35. Do you not say, There are yet four months, and harvest will come? Lo, I say to you, Lift up your eyes, and look at the fields, for they are already white for harvest. 36. And he who reapeth receiveth reward, and gathereth fruit into life eternal; that both he that soweth, and he that reapeth, may rejoice together. 37. For in this is the saying true, That there is one who soweth, and another who reapeth. 38. I sent you to reap that on which you did not labor; other men labored, and you have entered into their labors.

 

35. Do you not say? He follows out the preceding statement; for, having said that nothing was more dear to him than to finish the work of the Father, he now shows how ripe it is for execution; and he does so by a comparison with the harvest. When the corn is ripe, the harvest cannot bear delay, for otherwise the grain would fall to the ground and be lost; and, in like manner, the spiritual corn being now ripe, he declares that there must be no delay, because delay is injurious. We see for what purpose the comparison is employed; it is to explain the reason why he hastens to perform his work. 8383     “Pour exprimer la cause pourquoy il se haste de faire la besogne.” By this expression, Do you not say? he intended indirectly to point out how much more attentive the minds of men are to earthly than to heavenly things; for they burn with so intense a desire of harvest that they carefully reckon up months and days, but it is astonishing how drowsy and indolent they are in gathering the heavenly wheat. And daily experience proves that this wickedness not only is natural to us, but can scarcely be torn from our hearts; for while all provide for the earthly life to a distant period, how indolent are we in thinking about heavenly things? Thus Christ says on another occasion, Hypocrites, you discern by the face of the sky what sort of day to-morrow will be, but you do not acknowledge the time of my visitation, (Matthew 16:3.)

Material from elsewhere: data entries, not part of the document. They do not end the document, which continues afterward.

Section iterated_integral.
Variable R : realType.
Local Open Scope ereal_scope.
Local Notation mu := (@lebesgue_measure R).

Definition cons_row n (t : R) (y : 'rV[R]_n) : 'rV[R]_n.+1 := row_mx (\row_(j < 1) t) y.

Definition slice n (U : set 'rV[R]_n.+1) (t : R) : set 'rV[R]_n := [set y | U (cons_row t y)].

Lemma iintS n (f : 'rV[R]_n.+1 -> \bar R) :
  iint f = \int[mu]_t iint (fun y : 'rV[R]_n => f (cons_row t y)).
Proof. by []. Qed.

Lemma lebnS n (U : set 'rV[R]_n.+1) : lebn U = \int[mu]_t lebn (slice U t).
Proof. by []. Qed.

Lemma iint_ge0 n (f : 'rV[R]_n -> \bar R) : (forall x, 0 <= f x) -> 0 <= iint f.
Proof.
elim: n f => [|n IH] f f0; first exact: f0.
by rewrite iintS; apply: integral_ge0 => t _; apply: IH.
Qed.

Lemma le_iint n (f g : 'rV[R]_n -> \bar R) : (forall x, 0 <= f x) ->
  (forall x, f x <= g x) -> iint f <= iint g.
Proof.
elim: n f g => [|n IH] f g f0 fg; first exact: fg.
by rewrite !iintS; apply: ge0_le_integralT => t; [exact: iint_ge0 | exact: IH].
Qed.

Lemma iintD_ge n (f g : 'rV[R]_n -> \bar R) : (forall x, 0 <= f x) -> (forall x, 0 <= g x) ->
  iint f + iint g <= iint (fun x => f x + g x).
Proof.
elim: n f g => [|n IH] f g f0 g0; first exact: lexx.
rewrite !iintS; apply: le_trans (ge0_integralD_ge _ _) _; try by move=> t; exact: iint_ge0.
apply: ge0_le_integralT => t; last exact: IH.
by apply: adde_ge0; exact: iint_ge0.
Qed.

Lemma iintZl_ge n (f : 'rV[R]_n -> \bar R) (k : R) : (forall x, 0 <= f x) -> (0 <= k)%R ->
  k%:E * iint f <= iint (fun x => k%:E * f x).
Proof.
elim: n f => [|n IH] f f0 k0; first exact: lexx.
rewrite !iintS; apply: le_trans (ge0_integralZl_ge _ k0) _; first by move=> t; exact: iint_ge0.
apply: ge0_le_integralT => t; last exact: IH.
by apply: mule_ge0; [rewrite lee_fin | exact: iint_ge0].
Qed.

36. And he who reapeth receiveth reward. How diligently we ought to devote ourselves to the work of God, he proves by another argument; namely, because a large and most excellent reward is reserved for our labor; for he promises that there will be fruit, and fruit not corruptible or fading. What he adds about fruit may be explained in two ways; either it is an announcement of the reward, and on that supposition he would say the same thing twice in different words; or, he applauds the labors of those who enrich the kingdom of God, as we shall afterwards find him repeating,

I have chosen you, that you may go and bear fruit, and that your fruit may remain, (John 15:16.)

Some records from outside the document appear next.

(* In the setup below (arbitrary gauge), assume $p(\omega|x)>0$ for all $\omega\in\checkmark$ and that $\langle F_{\omega,x}\rangle=\langle F_{\Omega,x}\rangle\langle E_{\omega,x}\rangle$ for all $\omega\in\checkmark$. Then $$\sum_{\omega\in\checkmark}p(\omega|x)I(\sigma_{x|\omega})=4\big(\langle G_{\checkmark,x}\rangle-\langle F_{\Omega,x}\rangle\langle F_{\checkmark,x}\rangle\big),$$ and, whenever $I^Q>0$, the relative loss $\kappa:=1-\sum_{\omega\in\checkmark}p(\omega|x)I(\sigma_{x|\omega})/I^Q$ equals $$\kappa=\frac{\langle G_{\times,x}\rangle-\langle F_{\Omega,x}\rangle\langle F_{\times,x}\rangle}{\langle G_{\Omega,x}\rangle-\langle F_{\Omega,x}\rangle^2}.$$
   Context: Setup: finite-dimensional $\mathcal H_S,\mathcal H_E$; unit vectors $|\psi_i\rangle\in\mathcal H_S$, $|\phi_i^E\rangle\in\mathcal H_E$; a $C^1$ family of unitaries $U_x^{SE}$ on $\mathcal H_S\otimes\mathcal H_E$; an orthonormal basis $\{|\pi_\omega^E\rangle\}_{\omega\in\Omega}$ of $\mathcal H_E$, $\Omega=\checkmark\sqcup\times$. $|\Psi_x^{SE}\rangle=U_x^{SE}(|\psi_i\rangle\otimes|\phi_i^E\rangle)$, $M_{\omega,x}=\langle\pi_\omega^E|U_x^{SE}|\phi_i^E\rangle$, $|\tilde\psi_{x|\omega}\rangle=M_{\omega,x}|\psi_i\rangle$, $p(\omega|x)=\|\tilde\psi_{x|\omega}\|^2$, $\sigma_{x|\omega}=|\tilde\psi_{x|\omega}\rangle\langle\tilde\psi_{x|\omega}|/p(\omega|x)$. QFI of a normalized pure state: $I(|\phi_x\rangle)=4(\langle\partial_x\phi_x|\partial_x\phi_x\rangle-|\langle\phi_x|\partial_x\phi_x\rangle|^2)$; $I^Q=I(|\Psi_x^{SE}\rangle)$. Define $E_{\omega,x}=M_{\omega,x}^\dagger M_{\omega,x}$, $F_{\omega,x}=i\,\partial_xM_{\omega,x}^\dagger M_{\omega,x}$, $G_{\omega,x}=\partial_xM_{\omega,x}^\dagger\partial_xM_{\omega,x}$, and for $S\subseteq\Omega$, $X_{S,x}=\sum_{\omega\in S}X_{\omega,x}$. $\langle A\rangle=\langle\psi_i|A|\psi_i\rangle$. *)

From HB Require Import structures.
From mathcomp Require Import all_boot all_order all_algebra.
From mathcomp Require Import all_classical all_reals all_analysis.
From mathcomp Require Import complex mxtens.
Set Implicit Arguments.
Unset Strict Implicit.
Unset Printing Implicit Defensive.
Import Order.TTheory GRing.Theory Num.Theory.
Import numFieldNormedType.Exports.
Local Open Scope ring_scope.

And certainly both considerations ought greatly to encourage the ministers of the word, that they may never sink under the toil, when they hear that a crown of glory is prepared for them in heaven, and know that the fruit of their harvest will not only be precious in the sight of God, but will also be eternal. It is for this purpose that Scripture everywhere mentions reward, and not for the purpose of leading us to judge from it as to the merits of works; for which of us, if we come to a reckoning, will not be found more worthy of being punished for slothfulness than of being rewarded for diligence? To the best laborers nothing else will be left than to approach to God in all humility to implore forgiveness. But the Lord, who acts towards us with the kindness of a father, in order to correct our sloth, and to encourage us who would otherwise be dismayed, deigns to bestow upon us an undeserved reward.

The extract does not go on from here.